Task brief:
Reproduce exactly the lines of the listing from the one containing "- have [t <-]" to its final line, both included.

Materials provided:

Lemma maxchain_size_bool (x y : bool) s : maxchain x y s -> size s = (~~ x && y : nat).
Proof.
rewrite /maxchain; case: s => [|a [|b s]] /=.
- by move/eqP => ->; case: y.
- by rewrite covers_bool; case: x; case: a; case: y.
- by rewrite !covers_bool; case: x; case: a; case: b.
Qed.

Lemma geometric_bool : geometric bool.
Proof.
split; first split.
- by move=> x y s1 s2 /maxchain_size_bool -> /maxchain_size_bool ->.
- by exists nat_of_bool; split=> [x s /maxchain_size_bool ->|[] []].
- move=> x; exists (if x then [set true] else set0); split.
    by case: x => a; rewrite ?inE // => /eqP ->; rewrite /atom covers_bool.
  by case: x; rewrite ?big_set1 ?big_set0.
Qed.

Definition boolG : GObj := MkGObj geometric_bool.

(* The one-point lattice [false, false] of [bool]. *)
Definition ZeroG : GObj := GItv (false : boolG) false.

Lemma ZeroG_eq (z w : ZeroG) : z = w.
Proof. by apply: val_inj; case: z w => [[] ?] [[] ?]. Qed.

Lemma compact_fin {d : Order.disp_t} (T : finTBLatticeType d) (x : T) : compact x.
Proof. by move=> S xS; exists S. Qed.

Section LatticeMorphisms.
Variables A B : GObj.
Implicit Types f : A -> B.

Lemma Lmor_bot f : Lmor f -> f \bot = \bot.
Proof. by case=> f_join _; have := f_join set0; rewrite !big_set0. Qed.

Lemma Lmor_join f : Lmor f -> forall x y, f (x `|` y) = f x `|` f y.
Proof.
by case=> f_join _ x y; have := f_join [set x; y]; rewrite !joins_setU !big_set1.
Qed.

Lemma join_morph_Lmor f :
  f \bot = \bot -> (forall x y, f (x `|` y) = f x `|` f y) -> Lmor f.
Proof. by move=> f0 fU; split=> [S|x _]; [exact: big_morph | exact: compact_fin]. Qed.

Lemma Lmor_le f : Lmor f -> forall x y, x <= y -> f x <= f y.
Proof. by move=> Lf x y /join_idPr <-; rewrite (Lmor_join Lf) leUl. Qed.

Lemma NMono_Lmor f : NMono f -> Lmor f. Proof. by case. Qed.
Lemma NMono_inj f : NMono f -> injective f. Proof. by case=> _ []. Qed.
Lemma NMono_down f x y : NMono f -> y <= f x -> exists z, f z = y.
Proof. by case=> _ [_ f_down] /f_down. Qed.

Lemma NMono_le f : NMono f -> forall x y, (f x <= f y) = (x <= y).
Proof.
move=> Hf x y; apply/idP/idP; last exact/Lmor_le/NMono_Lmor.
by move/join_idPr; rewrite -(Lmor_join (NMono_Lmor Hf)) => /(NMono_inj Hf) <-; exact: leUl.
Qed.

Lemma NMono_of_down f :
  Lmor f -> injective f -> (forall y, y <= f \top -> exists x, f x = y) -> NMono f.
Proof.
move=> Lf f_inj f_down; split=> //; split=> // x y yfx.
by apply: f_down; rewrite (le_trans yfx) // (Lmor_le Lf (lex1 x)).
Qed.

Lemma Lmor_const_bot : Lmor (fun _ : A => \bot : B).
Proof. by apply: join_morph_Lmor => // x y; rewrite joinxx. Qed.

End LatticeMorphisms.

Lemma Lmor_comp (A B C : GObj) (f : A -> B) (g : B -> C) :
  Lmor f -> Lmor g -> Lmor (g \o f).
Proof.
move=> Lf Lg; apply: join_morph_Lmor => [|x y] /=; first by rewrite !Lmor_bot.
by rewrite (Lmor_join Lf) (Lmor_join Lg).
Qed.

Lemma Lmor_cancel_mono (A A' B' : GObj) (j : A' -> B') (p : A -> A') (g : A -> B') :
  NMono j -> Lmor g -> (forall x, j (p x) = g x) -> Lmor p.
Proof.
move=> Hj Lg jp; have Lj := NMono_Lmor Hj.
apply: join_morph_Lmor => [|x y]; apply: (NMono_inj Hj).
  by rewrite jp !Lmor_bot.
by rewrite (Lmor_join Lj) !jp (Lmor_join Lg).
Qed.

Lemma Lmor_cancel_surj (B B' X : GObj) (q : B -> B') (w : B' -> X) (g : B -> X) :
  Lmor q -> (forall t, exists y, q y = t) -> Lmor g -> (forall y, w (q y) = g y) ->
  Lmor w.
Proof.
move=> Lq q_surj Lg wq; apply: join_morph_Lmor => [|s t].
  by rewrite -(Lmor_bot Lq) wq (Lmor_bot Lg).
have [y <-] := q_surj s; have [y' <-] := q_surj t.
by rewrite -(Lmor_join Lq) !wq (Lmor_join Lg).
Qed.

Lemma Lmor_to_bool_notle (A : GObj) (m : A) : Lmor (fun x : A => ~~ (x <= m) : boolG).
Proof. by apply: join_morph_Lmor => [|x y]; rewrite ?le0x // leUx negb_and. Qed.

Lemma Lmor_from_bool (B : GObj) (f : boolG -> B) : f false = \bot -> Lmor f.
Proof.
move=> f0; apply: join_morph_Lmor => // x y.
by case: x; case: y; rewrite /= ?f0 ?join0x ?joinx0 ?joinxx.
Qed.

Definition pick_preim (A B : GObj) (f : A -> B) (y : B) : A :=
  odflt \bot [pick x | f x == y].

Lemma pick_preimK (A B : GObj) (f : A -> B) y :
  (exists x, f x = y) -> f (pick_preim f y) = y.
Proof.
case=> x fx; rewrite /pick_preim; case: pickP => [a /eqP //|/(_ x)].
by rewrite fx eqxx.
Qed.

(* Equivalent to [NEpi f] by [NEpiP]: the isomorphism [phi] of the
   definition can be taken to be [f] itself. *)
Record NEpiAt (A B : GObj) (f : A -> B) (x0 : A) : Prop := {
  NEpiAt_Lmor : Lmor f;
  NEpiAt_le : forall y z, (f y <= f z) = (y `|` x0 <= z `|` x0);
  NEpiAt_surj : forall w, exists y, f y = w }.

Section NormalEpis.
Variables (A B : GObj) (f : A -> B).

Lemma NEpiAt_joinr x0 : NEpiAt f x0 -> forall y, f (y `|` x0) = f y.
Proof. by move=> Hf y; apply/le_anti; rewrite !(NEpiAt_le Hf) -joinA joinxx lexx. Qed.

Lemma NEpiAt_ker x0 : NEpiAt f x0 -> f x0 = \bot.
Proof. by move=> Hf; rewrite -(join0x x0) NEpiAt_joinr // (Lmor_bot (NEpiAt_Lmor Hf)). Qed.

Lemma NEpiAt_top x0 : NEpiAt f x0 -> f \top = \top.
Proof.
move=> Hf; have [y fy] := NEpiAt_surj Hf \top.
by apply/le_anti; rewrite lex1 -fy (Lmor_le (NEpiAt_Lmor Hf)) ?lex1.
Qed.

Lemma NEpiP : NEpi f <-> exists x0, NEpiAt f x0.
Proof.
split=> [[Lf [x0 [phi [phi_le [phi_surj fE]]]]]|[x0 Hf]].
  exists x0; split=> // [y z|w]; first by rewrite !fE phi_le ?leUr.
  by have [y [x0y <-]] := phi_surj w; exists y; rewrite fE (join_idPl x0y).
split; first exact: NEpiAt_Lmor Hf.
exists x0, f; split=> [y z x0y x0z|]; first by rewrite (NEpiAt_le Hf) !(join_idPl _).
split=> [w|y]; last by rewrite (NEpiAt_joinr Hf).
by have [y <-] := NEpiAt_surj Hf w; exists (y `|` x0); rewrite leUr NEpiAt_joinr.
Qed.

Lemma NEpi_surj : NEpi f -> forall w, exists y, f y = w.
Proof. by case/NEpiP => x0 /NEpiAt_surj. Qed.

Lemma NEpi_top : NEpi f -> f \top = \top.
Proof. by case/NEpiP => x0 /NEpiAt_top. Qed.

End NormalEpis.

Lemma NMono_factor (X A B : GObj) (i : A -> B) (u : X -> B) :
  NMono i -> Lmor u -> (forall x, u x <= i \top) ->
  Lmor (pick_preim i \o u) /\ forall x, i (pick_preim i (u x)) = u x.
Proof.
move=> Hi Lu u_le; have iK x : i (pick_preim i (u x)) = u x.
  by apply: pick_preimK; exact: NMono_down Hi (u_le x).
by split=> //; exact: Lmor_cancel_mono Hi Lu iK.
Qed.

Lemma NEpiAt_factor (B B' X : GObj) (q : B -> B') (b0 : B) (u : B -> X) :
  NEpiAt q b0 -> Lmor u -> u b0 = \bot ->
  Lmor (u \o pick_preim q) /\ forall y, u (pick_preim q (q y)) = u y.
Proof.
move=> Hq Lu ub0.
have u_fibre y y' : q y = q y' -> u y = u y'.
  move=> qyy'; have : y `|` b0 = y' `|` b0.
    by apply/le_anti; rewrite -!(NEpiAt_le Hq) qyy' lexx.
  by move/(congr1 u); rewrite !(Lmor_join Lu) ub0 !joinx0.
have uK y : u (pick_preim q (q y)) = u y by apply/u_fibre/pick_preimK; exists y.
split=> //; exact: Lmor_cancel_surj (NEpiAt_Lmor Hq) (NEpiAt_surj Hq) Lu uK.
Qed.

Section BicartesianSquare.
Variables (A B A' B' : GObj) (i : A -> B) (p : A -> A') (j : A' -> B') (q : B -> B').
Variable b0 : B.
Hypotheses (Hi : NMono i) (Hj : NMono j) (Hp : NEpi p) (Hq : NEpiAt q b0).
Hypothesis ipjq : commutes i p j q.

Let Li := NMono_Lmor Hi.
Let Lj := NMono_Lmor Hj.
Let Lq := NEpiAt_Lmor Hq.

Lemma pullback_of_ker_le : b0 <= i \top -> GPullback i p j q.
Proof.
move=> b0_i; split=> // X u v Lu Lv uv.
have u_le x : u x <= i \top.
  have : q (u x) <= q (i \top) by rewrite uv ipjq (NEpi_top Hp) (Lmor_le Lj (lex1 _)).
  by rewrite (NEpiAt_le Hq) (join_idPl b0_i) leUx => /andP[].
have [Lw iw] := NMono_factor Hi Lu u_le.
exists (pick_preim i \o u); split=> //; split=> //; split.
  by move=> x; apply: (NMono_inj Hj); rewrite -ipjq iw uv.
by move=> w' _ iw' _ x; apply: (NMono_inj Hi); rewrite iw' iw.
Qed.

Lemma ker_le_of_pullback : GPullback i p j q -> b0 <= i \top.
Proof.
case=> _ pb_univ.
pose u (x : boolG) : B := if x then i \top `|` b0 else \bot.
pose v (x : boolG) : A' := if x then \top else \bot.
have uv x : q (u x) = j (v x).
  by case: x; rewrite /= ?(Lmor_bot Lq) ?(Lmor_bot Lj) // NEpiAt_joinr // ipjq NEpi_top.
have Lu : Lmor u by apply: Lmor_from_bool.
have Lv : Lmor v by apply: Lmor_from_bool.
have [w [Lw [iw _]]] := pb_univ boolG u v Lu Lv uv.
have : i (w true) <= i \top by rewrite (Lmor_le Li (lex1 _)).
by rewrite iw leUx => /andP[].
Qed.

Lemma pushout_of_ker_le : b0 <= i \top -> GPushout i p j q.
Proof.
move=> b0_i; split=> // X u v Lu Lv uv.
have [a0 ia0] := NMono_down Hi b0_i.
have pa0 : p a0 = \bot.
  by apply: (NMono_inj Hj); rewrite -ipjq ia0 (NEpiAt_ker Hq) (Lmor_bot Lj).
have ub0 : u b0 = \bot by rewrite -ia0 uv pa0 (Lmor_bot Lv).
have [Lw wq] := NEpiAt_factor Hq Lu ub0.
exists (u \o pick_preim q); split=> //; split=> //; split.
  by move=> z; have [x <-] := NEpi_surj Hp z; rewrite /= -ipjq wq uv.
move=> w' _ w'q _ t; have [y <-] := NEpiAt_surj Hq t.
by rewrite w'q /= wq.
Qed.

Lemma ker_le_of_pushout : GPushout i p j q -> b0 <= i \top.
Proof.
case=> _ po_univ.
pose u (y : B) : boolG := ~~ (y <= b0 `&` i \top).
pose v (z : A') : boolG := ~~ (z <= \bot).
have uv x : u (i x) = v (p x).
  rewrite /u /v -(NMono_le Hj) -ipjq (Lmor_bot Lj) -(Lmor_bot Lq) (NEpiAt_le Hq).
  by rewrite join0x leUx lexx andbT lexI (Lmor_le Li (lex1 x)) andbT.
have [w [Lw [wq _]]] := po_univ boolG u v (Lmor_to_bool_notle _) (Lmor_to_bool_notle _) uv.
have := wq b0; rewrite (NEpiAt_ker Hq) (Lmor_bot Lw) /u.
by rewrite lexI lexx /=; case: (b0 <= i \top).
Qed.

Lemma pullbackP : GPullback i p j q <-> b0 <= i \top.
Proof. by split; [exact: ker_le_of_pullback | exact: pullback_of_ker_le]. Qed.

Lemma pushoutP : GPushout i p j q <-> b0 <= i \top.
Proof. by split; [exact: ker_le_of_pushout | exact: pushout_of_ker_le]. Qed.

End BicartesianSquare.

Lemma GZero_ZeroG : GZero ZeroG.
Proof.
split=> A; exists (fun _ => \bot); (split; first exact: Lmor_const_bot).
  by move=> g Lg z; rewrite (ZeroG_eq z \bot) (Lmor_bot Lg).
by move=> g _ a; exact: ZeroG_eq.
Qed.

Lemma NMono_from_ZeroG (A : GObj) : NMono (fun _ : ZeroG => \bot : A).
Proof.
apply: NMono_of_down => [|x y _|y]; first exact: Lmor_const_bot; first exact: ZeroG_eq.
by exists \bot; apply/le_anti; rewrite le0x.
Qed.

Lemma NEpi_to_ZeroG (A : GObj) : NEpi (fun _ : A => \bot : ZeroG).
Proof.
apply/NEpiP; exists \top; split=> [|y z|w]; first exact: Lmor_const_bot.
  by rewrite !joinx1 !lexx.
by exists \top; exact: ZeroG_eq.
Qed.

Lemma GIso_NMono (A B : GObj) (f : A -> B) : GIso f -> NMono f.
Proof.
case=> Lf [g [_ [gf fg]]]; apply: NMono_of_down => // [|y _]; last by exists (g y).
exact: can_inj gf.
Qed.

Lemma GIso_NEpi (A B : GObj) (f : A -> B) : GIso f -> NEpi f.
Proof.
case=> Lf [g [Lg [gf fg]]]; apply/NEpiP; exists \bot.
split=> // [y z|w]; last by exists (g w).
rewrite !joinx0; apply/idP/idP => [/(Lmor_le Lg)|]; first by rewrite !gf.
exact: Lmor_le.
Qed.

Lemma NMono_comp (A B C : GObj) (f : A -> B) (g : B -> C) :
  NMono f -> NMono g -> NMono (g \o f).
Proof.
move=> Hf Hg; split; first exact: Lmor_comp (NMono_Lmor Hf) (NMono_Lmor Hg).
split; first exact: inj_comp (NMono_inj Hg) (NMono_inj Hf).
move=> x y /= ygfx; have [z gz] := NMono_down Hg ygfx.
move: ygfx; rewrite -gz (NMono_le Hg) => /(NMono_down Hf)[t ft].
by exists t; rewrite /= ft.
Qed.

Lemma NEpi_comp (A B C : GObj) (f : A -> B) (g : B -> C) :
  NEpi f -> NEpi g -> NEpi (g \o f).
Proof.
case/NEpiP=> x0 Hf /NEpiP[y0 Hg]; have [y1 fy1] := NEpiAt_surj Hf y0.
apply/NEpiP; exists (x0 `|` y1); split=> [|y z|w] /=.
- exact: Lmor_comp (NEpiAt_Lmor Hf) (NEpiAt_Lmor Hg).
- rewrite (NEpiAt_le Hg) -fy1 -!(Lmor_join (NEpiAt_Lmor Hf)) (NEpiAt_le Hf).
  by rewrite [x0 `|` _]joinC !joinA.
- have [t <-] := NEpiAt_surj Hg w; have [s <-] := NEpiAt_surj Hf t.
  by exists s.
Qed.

Result of this exercise:
- have [t <-] := NEpiAt_surj Hg w; have [s <-] := NEpiAt_surj Hf t.
  by exists s.
Qed.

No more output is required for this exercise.